**The task**
Please give back only the lines below from the one containing "apply: eq_bigr => j _; rewrite" to the one containing "Lemma cell_vol_gt0 (i0 : I) : 0 < V.", each repeated word for word, both ends included.

**Stored data entries**
══════════════════════════════

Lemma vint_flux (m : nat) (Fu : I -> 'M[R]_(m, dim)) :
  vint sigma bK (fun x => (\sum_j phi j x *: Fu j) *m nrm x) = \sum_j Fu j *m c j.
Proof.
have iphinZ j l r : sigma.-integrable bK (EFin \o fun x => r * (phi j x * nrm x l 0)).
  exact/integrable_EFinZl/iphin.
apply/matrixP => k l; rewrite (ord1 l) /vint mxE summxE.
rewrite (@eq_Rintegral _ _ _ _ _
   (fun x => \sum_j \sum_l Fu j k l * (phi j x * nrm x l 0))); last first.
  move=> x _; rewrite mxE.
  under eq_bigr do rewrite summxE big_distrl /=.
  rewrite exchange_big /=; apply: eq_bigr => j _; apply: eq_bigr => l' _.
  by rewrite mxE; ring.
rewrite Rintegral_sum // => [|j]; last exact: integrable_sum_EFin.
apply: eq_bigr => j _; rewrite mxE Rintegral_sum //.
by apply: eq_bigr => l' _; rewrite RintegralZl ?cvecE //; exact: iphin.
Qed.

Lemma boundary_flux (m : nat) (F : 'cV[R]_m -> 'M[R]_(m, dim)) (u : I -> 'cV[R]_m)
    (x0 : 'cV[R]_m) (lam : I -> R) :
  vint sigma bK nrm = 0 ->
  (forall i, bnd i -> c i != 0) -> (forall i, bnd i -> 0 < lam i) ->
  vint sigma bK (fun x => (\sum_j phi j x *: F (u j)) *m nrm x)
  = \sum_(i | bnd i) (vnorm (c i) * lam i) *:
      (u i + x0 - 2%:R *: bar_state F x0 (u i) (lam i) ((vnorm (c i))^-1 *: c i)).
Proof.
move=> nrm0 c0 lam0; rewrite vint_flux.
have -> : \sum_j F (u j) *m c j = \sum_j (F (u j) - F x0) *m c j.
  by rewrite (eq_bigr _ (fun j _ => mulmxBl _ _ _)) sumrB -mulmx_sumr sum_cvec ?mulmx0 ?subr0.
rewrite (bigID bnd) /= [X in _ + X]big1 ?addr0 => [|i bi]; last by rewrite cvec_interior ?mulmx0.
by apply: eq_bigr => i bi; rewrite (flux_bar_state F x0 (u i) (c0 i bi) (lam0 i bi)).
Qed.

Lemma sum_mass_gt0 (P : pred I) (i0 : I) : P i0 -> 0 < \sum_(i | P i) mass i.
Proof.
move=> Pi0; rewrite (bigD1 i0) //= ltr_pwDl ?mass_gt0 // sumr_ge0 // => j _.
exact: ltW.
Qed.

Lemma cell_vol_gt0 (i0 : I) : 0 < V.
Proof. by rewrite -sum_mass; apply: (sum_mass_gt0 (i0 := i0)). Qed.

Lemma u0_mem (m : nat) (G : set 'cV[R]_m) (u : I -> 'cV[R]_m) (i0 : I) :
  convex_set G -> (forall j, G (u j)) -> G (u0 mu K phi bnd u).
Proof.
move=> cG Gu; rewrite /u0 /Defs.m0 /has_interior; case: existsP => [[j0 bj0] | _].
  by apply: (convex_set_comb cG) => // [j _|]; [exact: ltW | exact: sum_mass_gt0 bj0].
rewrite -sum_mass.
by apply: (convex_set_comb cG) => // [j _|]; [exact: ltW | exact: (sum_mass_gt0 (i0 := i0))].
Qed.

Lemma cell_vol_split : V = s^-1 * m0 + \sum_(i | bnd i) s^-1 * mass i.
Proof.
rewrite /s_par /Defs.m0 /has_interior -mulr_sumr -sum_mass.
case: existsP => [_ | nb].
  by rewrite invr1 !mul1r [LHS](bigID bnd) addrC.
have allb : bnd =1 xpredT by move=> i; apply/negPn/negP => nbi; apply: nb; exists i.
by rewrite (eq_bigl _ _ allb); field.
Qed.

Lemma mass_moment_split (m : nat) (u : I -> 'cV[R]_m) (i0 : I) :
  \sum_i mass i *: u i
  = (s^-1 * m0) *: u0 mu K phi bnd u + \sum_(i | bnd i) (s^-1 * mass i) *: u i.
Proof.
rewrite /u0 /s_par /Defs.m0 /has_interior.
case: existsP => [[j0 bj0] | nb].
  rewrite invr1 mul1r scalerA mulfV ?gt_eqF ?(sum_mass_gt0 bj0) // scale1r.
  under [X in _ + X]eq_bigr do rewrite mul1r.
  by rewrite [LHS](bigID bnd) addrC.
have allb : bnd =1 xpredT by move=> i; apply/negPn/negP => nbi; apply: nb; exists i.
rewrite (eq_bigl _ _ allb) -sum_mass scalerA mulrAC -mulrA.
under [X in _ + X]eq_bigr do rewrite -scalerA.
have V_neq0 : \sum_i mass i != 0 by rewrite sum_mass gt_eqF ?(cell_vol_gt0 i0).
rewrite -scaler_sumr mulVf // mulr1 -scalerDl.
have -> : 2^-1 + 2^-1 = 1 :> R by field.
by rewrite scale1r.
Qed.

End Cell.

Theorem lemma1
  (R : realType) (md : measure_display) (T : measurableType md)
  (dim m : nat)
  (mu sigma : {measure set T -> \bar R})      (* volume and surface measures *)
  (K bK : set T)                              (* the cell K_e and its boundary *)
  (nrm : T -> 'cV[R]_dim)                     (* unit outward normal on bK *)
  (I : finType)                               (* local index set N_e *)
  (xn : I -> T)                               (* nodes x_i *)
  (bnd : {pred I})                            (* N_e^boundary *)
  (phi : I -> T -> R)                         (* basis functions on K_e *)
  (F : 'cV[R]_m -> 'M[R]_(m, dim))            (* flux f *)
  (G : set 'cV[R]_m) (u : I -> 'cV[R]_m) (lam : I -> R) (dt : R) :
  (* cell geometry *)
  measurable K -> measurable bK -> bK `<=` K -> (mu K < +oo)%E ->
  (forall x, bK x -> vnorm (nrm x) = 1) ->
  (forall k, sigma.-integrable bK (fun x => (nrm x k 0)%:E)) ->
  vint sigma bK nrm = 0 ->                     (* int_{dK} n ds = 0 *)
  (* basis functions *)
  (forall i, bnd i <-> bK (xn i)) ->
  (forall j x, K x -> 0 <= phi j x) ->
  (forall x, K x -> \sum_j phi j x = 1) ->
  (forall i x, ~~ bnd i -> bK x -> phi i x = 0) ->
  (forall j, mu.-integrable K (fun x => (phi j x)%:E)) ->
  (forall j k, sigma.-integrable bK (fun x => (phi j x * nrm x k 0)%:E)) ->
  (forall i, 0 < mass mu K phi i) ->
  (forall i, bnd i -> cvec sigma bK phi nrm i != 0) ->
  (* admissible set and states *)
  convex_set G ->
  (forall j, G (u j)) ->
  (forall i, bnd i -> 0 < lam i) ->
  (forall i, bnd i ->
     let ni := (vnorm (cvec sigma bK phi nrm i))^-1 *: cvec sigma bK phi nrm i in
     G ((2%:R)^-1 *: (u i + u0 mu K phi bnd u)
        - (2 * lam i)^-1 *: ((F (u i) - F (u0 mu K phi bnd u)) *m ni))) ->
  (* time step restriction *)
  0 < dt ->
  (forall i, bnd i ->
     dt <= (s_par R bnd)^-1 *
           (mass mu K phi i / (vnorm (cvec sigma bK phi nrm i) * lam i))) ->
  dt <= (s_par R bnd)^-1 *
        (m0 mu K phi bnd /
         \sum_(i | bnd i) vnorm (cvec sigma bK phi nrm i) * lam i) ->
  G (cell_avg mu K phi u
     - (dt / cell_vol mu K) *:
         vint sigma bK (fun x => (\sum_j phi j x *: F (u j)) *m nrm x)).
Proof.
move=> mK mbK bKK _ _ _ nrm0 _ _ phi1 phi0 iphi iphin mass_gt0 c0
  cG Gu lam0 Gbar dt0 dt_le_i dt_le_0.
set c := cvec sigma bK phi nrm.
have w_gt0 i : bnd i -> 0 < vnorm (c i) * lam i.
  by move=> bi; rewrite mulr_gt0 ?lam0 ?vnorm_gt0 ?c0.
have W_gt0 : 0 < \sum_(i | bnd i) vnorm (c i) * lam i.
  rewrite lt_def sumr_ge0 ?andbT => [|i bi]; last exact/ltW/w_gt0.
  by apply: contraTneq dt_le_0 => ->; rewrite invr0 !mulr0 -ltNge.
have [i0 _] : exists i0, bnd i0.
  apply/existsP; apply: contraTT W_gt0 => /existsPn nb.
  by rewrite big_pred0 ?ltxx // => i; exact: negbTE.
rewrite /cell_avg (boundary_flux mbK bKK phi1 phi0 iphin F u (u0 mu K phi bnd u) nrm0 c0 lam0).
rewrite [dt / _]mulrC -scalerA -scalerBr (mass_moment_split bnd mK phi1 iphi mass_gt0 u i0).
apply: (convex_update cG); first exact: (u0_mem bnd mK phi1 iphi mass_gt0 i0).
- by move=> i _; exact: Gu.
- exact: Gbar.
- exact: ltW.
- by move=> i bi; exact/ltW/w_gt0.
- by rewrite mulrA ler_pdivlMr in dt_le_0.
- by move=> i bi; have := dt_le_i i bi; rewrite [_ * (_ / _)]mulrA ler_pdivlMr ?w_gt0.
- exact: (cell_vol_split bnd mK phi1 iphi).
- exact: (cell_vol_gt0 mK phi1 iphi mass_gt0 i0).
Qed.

══════════════════════════════

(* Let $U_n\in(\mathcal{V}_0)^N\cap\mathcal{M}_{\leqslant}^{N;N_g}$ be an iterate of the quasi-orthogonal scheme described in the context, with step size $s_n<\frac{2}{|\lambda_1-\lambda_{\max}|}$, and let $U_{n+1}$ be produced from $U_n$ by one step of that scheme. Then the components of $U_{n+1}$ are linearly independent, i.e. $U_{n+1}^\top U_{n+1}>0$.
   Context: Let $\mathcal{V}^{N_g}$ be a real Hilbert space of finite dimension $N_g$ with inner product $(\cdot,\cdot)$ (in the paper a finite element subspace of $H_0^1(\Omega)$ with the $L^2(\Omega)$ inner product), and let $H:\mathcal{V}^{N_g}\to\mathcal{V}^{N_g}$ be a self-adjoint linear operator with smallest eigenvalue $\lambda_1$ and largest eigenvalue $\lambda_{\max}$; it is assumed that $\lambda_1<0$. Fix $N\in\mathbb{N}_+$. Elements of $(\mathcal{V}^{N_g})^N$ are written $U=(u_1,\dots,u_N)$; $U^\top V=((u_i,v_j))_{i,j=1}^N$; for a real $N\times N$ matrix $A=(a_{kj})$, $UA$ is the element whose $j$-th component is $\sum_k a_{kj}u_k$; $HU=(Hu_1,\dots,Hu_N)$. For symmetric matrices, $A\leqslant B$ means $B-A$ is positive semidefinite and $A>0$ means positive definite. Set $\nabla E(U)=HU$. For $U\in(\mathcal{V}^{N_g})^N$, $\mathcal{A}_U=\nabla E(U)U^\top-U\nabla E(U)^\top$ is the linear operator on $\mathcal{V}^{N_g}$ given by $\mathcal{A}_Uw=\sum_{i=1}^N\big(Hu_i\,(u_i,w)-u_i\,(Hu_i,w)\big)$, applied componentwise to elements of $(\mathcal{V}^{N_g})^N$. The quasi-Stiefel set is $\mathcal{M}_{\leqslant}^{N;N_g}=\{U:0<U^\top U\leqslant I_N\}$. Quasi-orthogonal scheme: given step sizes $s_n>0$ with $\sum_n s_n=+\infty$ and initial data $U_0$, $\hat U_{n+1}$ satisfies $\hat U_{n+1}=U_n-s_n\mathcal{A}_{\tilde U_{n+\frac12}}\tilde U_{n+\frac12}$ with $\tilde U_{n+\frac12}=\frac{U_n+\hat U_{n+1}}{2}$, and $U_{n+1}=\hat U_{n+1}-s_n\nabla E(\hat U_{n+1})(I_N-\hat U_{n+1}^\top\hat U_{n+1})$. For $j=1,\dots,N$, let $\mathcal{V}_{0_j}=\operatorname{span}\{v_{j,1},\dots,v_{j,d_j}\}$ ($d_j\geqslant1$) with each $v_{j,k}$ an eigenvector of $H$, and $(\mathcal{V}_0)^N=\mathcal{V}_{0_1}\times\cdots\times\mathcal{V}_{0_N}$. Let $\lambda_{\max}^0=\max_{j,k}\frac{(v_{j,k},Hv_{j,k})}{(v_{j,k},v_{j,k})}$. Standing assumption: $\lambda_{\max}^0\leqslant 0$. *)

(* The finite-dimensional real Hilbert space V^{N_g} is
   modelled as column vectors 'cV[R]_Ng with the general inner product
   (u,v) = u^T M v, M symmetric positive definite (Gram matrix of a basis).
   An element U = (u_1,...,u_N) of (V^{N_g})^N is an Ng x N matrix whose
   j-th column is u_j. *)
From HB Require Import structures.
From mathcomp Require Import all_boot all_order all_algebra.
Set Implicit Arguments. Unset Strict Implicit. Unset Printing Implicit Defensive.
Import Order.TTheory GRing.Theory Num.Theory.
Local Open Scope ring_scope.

══════════════════════════════

**Output**
apply: eq_bigr => j _; rewrite mxE Rintegral_sum //.
by apply: eq_bigr => l' _; rewrite RintegralZl ?cvecE //; exact: iphin.
Qed.

Lemma boundary_flux (m : nat) (F : 'cV[R]_m -> 'M[R]_(m, dim)) (u : I -> 'cV[R]_m)
    (x0 : 'cV[R]_m) (lam : I -> R) :
  vint sigma bK nrm = 0 ->
  (forall i, bnd i -> c i != 0) -> (forall i, bnd i -> 0 < lam i) ->
  vint sigma bK (fun x => (\sum_j phi j x *: F (u j)) *m nrm x)
  = \sum_(i | bnd i) (vnorm (c i) * lam i) *:
      (u i + x0 - 2%:R *: bar_state F x0 (u i) (lam i) ((vnorm (c i))^-1 *: c i)).
Proof.
move=> nrm0 c0 lam0; rewrite vint_flux.
have -> : \sum_j F (u j) *m c j = \sum_j (F (u j) - F x0) *m c j.
  by rewrite (eq_bigr _ (fun j _ => mulmxBl _ _ _)) sumrB -mulmx_sumr sum_cvec ?mulmx0 ?subr0.
rewrite (bigID bnd) /= [X in _ + X]big1 ?addr0 => [|i bi]; last by rewrite cvec_interior ?mulmx0.
by apply: eq_bigr => i bi; rewrite (flux_bar_state F x0 (u i) (c0 i bi) (lam0 i bi)).
Qed.

Lemma sum_mass_gt0 (P : pred I) (i0 : I) : P i0 -> 0 < \sum_(i | P i) mass i.
Proof.
move=> Pi0; rewrite (bigD1 i0) //= ltr_pwDl ?mass_gt0 // sumr_ge0 // => j _.
exact: ltW.
Qed.

Lemma cell_vol_gt0 (i0 : I) : 0 < V.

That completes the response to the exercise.